-- Data follows --

Lemma mem_bramble_orientation s : s \in bramble_orientation <->
  in_vSk e k s /\ exists2 X, X \in B & X \subset s.2 :\: s.1.
Proof.
rewrite inE; split=> [/and3P[/is_osepP sepS small /exists_inP[X XB sX]] | ].
  by split=> //; exists X.
by case=> [[/is_osepP sepS small] [X XB sX]]; rewrite sepS small; apply/exists_inP; exists X.
Qed.

Lemma bramble_orientationN s :
  s \in bramble_orientation -> flip s \notin bramble_orientation.
Proof.
move=> /mem_bramble_orientation[[sepS _] [X XB sX]].
apply/negP => /mem_bramble_orientation[_ [Y YB sY]].
exact: osep_not_touch sepS sY sX (brB.2 Y X YB XB).
Qed.

Lemma bramble_sep_side s : in_vSk e k s ->
  exists2 X, X \in B & X \subset s.1 :\: s.2 \/ X \subset s.2 :\: s.1.
Proof.
case=> sepS small; have [X XB disX] := bramble_avoid ordB small.
by exists X => //; apply: connected_set_side => //; apply: brB.1.
Qed.

Lemma bramble_orientation_is_orientation : is_orientation e k bramble_orientation.
Proof.
split=> [s /mem_bramble_orientation[] // | s vs].
have [X XB [sX | sX]] := bramble_sep_side vs.
  have fO : flip s \in bramble_orientation.
    by apply/mem_bramble_orientation; split; [apply: in_vSk_flip | exists X].
  rewrite setUC card_setI_pair //; apply: contraNN (bramble_orientationN fO).
  by rewrite flipK.
have sO : s \in bramble_orientation by apply/mem_bramble_orientation; split=> //; exists X.
by rewrite card_setI_pair // bramble_orientationN.
Qed.

Lemma bramble_orientation_consistent : consistent e k bramble_orientation.
Proof.
move=> r s _ _ _ _ [r1s1 s2r2] [/mem_bramble_orientation[_ [X XB sX]]].
move=> /mem_bramble_orientation[[sepS _] [Y YB sY]].
apply: osep_not_touch sepS _ sY (brB.2 X Y XB YB).
exact: subset_trans sX (subset_trans (setSD _ r1s1) (setDS _ s2r2)).
Qed.

Lemma bramble_orientation_Fk_free sigma :
  sigma \subset bramble_orientation -> ~ in_Fk e k sigma.
Proof.
move=> /subsetP sO [vsigma [star small]].
have [X XB disX] := bramble_avoid ordB small.
have [s sS sX] : exists2 s, s \in sigma & X \subset s.1 :\: s.2.
  by apply: star_connected_side => //; [move=> s /vsigma[] | apply: brB.1].
have /mem_bramble_orientation[[sepS _] [Y YB sY]] := sO s sS.
exact: osep_not_touch sepS sX sY (brB.2 X Y XB YB).
Qed.

Lemma bramble_orientation_tangle : Fk_tangle e k bramble_orientation.
Proof.
split; first exact: bramble_orientation_is_orientation.
by split; [apply: bramble_orientation_consistent | apply: bramble_orientation_Fk_free].
Qed.

End BrambleToTangle.

Definition nbhd X := [set u | (u \notin X) && [exists w in X, e u w]].

Definition sep_of X : osep T := (~: X, X :|: nbhd X).

Lemma is_osep_sep_of X : is_osep e (sep_of X).
Proof.
split=> [|x y]; first by apply/setP => u; rewrite !inE; case: (u \in X).
rewrite !inE negb_or negbK => /andP[/andP[xX xN] _] /andP[yX _].
by apply: contraNN xN => exy; rewrite xX; apply/exists_inP; exists y.
Qed.

Lemma sep_of_meet X : (sep_of X).1 :&: (sep_of X).2 = nbhd X.
Proof. by apply/setP => u; rewrite !inE; case: (u \in X); rewrite ?andbF. Qed.

Definition touchb X Y :=
  (X :&: Y != set0) || [exists x in X, exists y in Y, e x y].

Lemma touchP X Y : reflect (touch e X Y) (touchb X Y).
Proof.
apply: (iffP orP) => [[meet | /exists_inP[x xX /exists_inP[y yY exy]]] |
                      [meet | [x [y [xX yY exy]]]]]; [by left | | by left |].
  by right; exists x, y.
by right; apply/exists_inP; exists x => //; apply/exists_inP; exists y.
Qed.

Lemma touchbC X Y : touchb X Y = touchb Y X.
Proof.
rewrite /touchb setIC; congr (_ || _).
by apply/exists_inP/exists_inP => -[x xX /exists_inP[y yY exy]]; exists y => //;
  apply/exists_inP; exists x; rewrite // e_sym.
Qed.

Lemma not_touchb_subC X Y : ~~ touchb X Y -> X :|: nbhd X \subset ~: Y.
Proof.
rewrite negb_or negbK setI_eq0 => /andP[disXY noedge]; apply/subsetP => u.
rewrite !inE => /orP[uX | /andP[_ /exists_inP[w wX euw]]].
  by rewrite (disjointFr disXY uX).
apply/negP => uY; case/exists_inP: noedge; exists w => //.
by apply/exists_inP; exists u; rewrite // e_sym.
Qed.

Lemma sep_of_le X Y : ~~ touchb X Y -> sep_le (flip (sep_of X)) (sep_of Y).
Proof.
move=> nt; split; first exact: not_touchb_subC.
by apply: not_touchb_subC; rewrite touchbC.
Qed.

Lemma orientation_mem k O s : is_orientation e k O -> in_vSk e k s ->
  s \in O \/ flip s \in O.
Proof.
case=> _ orO vs; have : 0 < #|O :&: [set s; flip s]| by rewrite orO.
by rewrite card_gt0 => /set0Pn[u /setIP[uO /set2P[] <-]]; [left | right].
Qed.

Lemma orientationN k O s : is_orientation e k O -> in_vSk e k s ->
  s \in O -> flip s != s -> flip s \notin O.
Proof.
case=> _ orO vs sO fs; apply/negP => fO; move: (orO s vs).
rewrite (setIidPr _) ?cards2 1?eq_sym ?fs //.
by apply/subsetP => u /set2P[] ->.
Qed.

Section Components.
Variable Y : {set T}.

Definition avoid_rel := [rel a b | [&& e a b, a \notin Y & b \notin Y]].

Definition component v := [set u | connect avoid_rel v u].

Lemma avoid_rel_sym : connect_sym avoid_rel.
Proof.
apply: sym_connect_sym => a b /=.
by rewrite e_sym; case: (a \in Y); case: (b \in Y); rewrite ?andbF.
Qed.

Lemma mem_component v : v \in component v.
Proof. by rewrite inE connect0. Qed.

Lemma component_avoid v u : v \notin Y -> u \in component v -> u \notin Y.
Proof.
rewrite inE => vY /connectP[p]; elim: p v vY => [|w p IHp] v vY /=; first by move=> _ ->.
by case/andP=> /and3P[_ _ wY]; apply: IHp.
Qed.

Lemma component_eq v w u :
  u \in component v -> u \in component w -> component v = component w.
Proof.
rewrite !inE => cvu cwu; apply/setP => z.
by rewrite !inE (same_connect avoid_rel_sym cvu) (same_connect avoid_rel_sym cwu).
Qed.

Lemma nbhd_component_sub v : v \notin Y -> nbhd (component v) \subset Y.
Proof.
move=> vY; apply/subsetP => u; rewrite inE => /andP[uC /exists_inP[w wC euw]].
have wY := component_avoid vY wC.
apply: contraR uC => uY; rewrite !inE in wC *; apply: connect_trans wC (connect1 _).
by rewrite /avoid_rel /= e_sym euw uY wY.
Qed.

Lemma component_connected v : v \notin Y -> connected_set e (component v).
Proof.
move=> vY; split=> [|x y xC yC]; first by apply/set0Pn; exists v; apply: mem_component.
have /connectP[p] : connect avoid_rel x y.
  by move: xC yC; rewrite !inE => cvx; rewrite (same_connect avoid_rel_sym cvx).
move=> pth ->; apply/connectP; exists p => //.
elim: p x xC pth => //= z p IHp x xC /andP[/and3P[exz xY zY] pth].
have zC : z \in component v.
  by move: xC; rewrite !inE => /connect_trans; apply; apply: connect1; rewrite /= exz xY.
by rewrite exz xC zC IHp.
Qed.

End Components.

Definition components_star Y : {set osep T} :=
  [set flip (sep_of (component Y v)) | v in ~: Y].

Lemma component_not_touch Y v w : v \notin Y -> w \notin Y ->
  component Y v != component Y w -> ~~ touchb (component Y v) (component Y w).
Proof.
move=> vY wY; apply: contraNN => /orP[/set0Pn[u /setIP[uv uw]] | ].
  by rewrite (component_eq uv uw).
case/exists_inP=> x xv /exists_inP[y yw exy]; apply/eqP/(component_eq (u := y)) => //.
have [xY yY] := (component_avoid vY xv, component_avoid wY yw).
move: xv; rewrite !inE => /connect_trans; apply; apply: connect1.
by rewrite /avoid_rel /= exy xY yY.
Qed.
Lemma eventual_lower_bound (f : nat -> R) (d : R) (M : nat) :
  (forall n, 0 < f n)%R -> (0 < d)%R -> (forall n, (M <= n)%nat -> d <= f n)%R ->
  exists d', (0 < d')%R /\ forall n, (d' <= f n)%R.
Proof.
  intros Hpos. revert d. induction M as [|M IH]; intros d Hd Hge.
  - exists d. split; [exact Hd | intros n; apply Hge; lia].
  - apply (IH (Rmin d (f M))); [apply Rmin_pos; auto|].
    intros n Hn. destruct (Nat.eq_dec n M) as [->|Hne]; [apply Rmin_r|].
    eapply Rle_trans; [apply Rmin_l | apply Hge; lia].
Qed.

Lemma exp_le_compat (x y : R) : (x <= y -> exp x <= exp y)%R.
Proof.
  intros Hxy. destruct (Rle_lt_or_eq_dec _ _ Hxy) as [Hlt | ->];
    [left; apply exp_increasing, Hlt | lra].
Qed.

(* nonvanishing q y: no factor 1 - y q^m vanishes, i.e. y is not in Omega_q *)
Definition nonvanishing (q y : C) : Prop := forall m : nat, 1 - y * q ^ m <> 0.

Lemma qpoch_split (y q : C) (n m : nat) :
  qpoch y q (n + m) = qpoch y q n * qpoch (y * q ^ n) q m.
Proof.
  induction m as [|m IH]; simpl.
  - rewrite Nat.add_0_r. ring.
  - rewrite Nat.add_succ_r. simpl. rewrite IH, Cpow_add_r. ring.
Qed.

Lemma qpoch_nz (y q : C) (n : nat) : nonvanishing q y -> qpoch y q n <> 0.
Proof.
  intros Hy. induction n as [|n IH]; simpl; [exact C1_nz | apply Cmult_neq_0; auto].
Qed.

Lemma qpochs_nil (q : C) (n : nat) : qpochs nil q n = 1.
Proof. reflexivity. Qed.

Lemma qpochs_cons (x : C) (l : list C) (q : C) (n : nat) :
  qpochs (x :: l) q n = qpoch x q n * qpochs l q n.
Proof. reflexivity. Qed.

Lemma qpochs_app (l1 l2 : list C) (q : C) (n : nat) :
  qpochs (l1 ++ l2) q n = qpochs l1 q n * qpochs l2 q n.
Proof. induction l1 as [|x l1 IH]; simpl app; rewrite ?qpochs_cons, ?IH, ?qpochs_nil; ring. Qed.

Lemma qpochs_inf_nil (q : C) : qpochs_inf nil q = 1.
Proof. reflexivity. Qed.

Lemma qpochs_inf_cons (x : C) (l : list C) (q : C) :
  qpochs_inf (x :: l) q = qpoch_inf x q * qpochs_inf l q.
Proof. reflexivity. Qed.

(* Analytic facts about q-shifted factorials for a fixed |q| < 1. *)
Section QPochhammer.
Variable q : C.
Hypothesis Hq : (Cmod q < 1)%R.

Let rho := Cmod q.
(* geom n = 1 + rho + ... + rho^(n-1), which is at most 1/(1 - rho) *)
Let geom (n : nat) : R := ((1 - rho ^ n) / (1 - rho))%R.

Lemma rho_bounds : (0 <= rho < 1)%R.
Proof. split; [apply Cmod_ge_0 | exact Hq]. Qed.

Lemma rho_pow_le_1 (n : nat) : (0 <= rho ^ n <= 1)%R.
Proof.
  pose proof rho_bounds as Hr. split; [apply pow_le; lra|].
  rewrite <- (pow1 n). apply pow_incr. lra.
Qed.

Lemma geom_S (n : nat) : geom (S n) = (geom n + rho ^ n)%R.
Proof. pose proof rho_bounds. unfold geom. simpl. field. lra. Qed.

Lemma geom_0 : geom 0 = 0%R.
Proof. unfold geom. simpl. unfold Rdiv. ring. Qed.

Lemma scaled_geom_bounds (x : R) (n : nat) : (0 <= x)%R ->
  (0 <= x * geom n <= x / (1 - rho))%R.
Proof.
  intros Hx. pose proof rho_bounds. pose proof (rho_pow_le_1 n).
  assert (Hinv : (0 < / (1 - rho))%R) by (apply Rinv_0_lt_compat; lra).
  unfold geom, Rdiv. split.
  - apply Rmult_le_pos; [|apply Rmult_le_pos]; lra.
  - rewrite <- Rmult_assoc. apply Rmult_le_compat_r; [lra|]. nra.
Qed.

Lemma Cmod_scaled_pow (y : C) (n : nat) : Cmod (y * q ^ n) = (Cmod y * rho ^ n)%R.
Proof. rewrite Cmod_mult, Cmod_pow. reflexivity. Qed.

(* |(y;q)_n| <= exp(|y| geom n) <= exp(|y|/(1 - rho)), using |1 - z| <= exp |z| *)
Lemma qpoch_upper_bound (y : C) : exists B, forall n, (Cmod (qpoch y q n) <= B)%R.
Proof.
  pose proof (Cmod_ge_0 y) as Hy.
  assert (Hn : forall n, (Cmod (qpoch y q n) <= exp (Cmod y * geom n))%R).
  { induction n as [|n IH]; simpl.
    - rewrite geom_0, Cmod_1, Rmult_0_r, exp_0. lra.
    - rewrite Cmod_mult, geom_S, Rmult_plus_distr_l, exp_plus.
      apply Rmult_le_compat; auto using Cmod_ge_0.
      eapply Rle_trans; [|apply exp_ineq1_le]. rewrite <- Cmod_scaled_pow.
      unfold Cminus. eapply Rle_trans; [apply Cmod_triangle|].
      rewrite Cmod_1, Cmod_opp. lra. }
  exists (exp (Cmod y / (1 - rho))). intros n. eapply Rle_trans; [apply Hn|].
  apply exp_le_compat, scaled_geom_bounds, Hy.
Qed.
Lemma dual_act_eps (M : comodule K) (iM : {linear M -> C})
    (f : {linear C -> R^o}) m :
  comod_hom_to_C iM -> dual_act (linear_of (eps_comp_lin iM)) f m = f (iM m).
Proof.
move=> iM_hom.
have bal : balanced (rC K) (fun c c' : C => f (rC K c (eps K c'))).
  split.
  - by move=> a a' b; rewrite rC_addl raddfD.
  - by move=> a b b'; rewrite eps_add rC_addr raddfD.
  - by move=> a r b; rewrite -rC_mul eps_scalel.
rewrite /dual_act; have := iM_hom m _ _ bal; rewrite big_map /= => <-.
by rewrite -raddf_sum Delta_counitr.
Qed.

(* If *M is rational, iM(m) has a finite expansion sum_i h_i(m) c_i: both
   sides agree under every functional, which separate the points of C. *)
Lemma rational_expansion (M : comodule K) (iM : {linear M -> C}) :
  locally_projective C -> comod_hom_to_C iM -> rational_dual M ->
  exists s : seq ({linear M -> R^o} * C),
    forall m, iM m = \sum_(p <- s) (p.1 m : R) *: p.2.
Proof.
move=> C_lproj iM_hom M_rat.
have [s s_rat] := M_rat (linear_of (eps_comp_lin iM)).
have iM_rat (f : {linear C -> R^o}) m : f (iM m) = \sum_(p <- s) p.1 m * f p.2.
  by rewrite -s_rat dual_act_eps.
exists s => m; apply/eqP; rewrite -subr_eq0; apply/eqP.
apply: (locally_projective_separates C_lproj) => f.
rewrite raddfB; move: (iM_rat f m) => /= ->; rewrite raddf_sum /=.
by apply/eqP; rewrite subr_eq0; apply/eqP; apply: eq_bigr => p _; rewrite dual_linZ.
Qed.

End RationalDual.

-- Data concluded --

> _Goal of the exercise_:
When you reach the line containing "rewrite inE => vY" in the data above, start copying exactly, and stop after the line containing "exists d', (0".

> _Response to this task_:
rewrite inE => vY /connectP[p]; elim: p v vY => [|w p IHp] v vY /=; first by move=> _ ->.
by case/andP=> /and3P[_ _ wY]; apply: IHp.
Qed.

Lemma component_eq v w u :
  u \in component v -> u \in component w -> component v = component w.
Proof.
rewrite !inE => cvu cwu; apply/setP => z.
by rewrite !inE (same_connect avoid_rel_sym cvu) (same_connect avoid_rel_sym cwu).
Qed.

Lemma nbhd_component_sub v : v \notin Y -> nbhd (component v) \subset Y.
Proof.
move=> vY; apply/subsetP => u; rewrite inE => /andP[uC /exists_inP[w wC euw]].
have wY := component_avoid vY wC.
apply: contraR uC => uY; rewrite !inE in wC *; apply: connect_trans wC (connect1 _).
by rewrite /avoid_rel /= e_sym euw uY wY.
Qed.

Lemma component_connected v : v \notin Y -> connected_set e (component v).
Proof.
move=> vY; split=> [|x y xC yC]; first by apply/set0Pn; exists v; apply: mem_component.
have /connectP[p] : connect avoid_rel x y.
  by move: xC yC; rewrite !inE => cvx; rewrite (same_connect avoid_rel_sym cvx).
move=> pth ->; apply/connectP; exists p => //.
elim: p x xC pth => //= z p IHp x xC /andP[/and3P[exz xY zY] pth].
have zC : z \in component v.
  by move: xC; rewrite !inE => /connect_trans; apply; apply: connect1; rewrite /= exz xY.
by rewrite exz xC zC IHp.
Qed.

End Components.

Definition components_star Y : {set osep T} :=
  [set flip (sep_of (component Y v)) | v in ~: Y].

Lemma component_not_touch Y v w : v \notin Y -> w \notin Y ->
  component Y v != component Y w -> ~~ touchb (component Y v) (component Y w).
Proof.
move=> vY wY; apply: contraNN => /orP[/set0Pn[u /setIP[uv uw]] | ].
  by rewrite (component_eq uv uw).
case/exists_inP=> x xv /exists_inP[y yw exy]; apply/eqP/(component_eq (u := y)) => //.
have [xY yY] := (component_avoid vY xv, component_avoid wY yw).
move: xv; rewrite !inE => /connect_trans; apply; apply: connect1.
by rewrite /avoid_rel /= exy xY yY.
Qed.
Lemma eventual_lower_bound (f : nat -> R) (d : R) (M : nat) :
  (forall n, 0 < f n)%R -> (0 < d)%R -> (forall n, (M <= n)%nat -> d <= f n)%R ->
  exists d', (0 < d')%R /\ forall n, (d' <= f n)%R.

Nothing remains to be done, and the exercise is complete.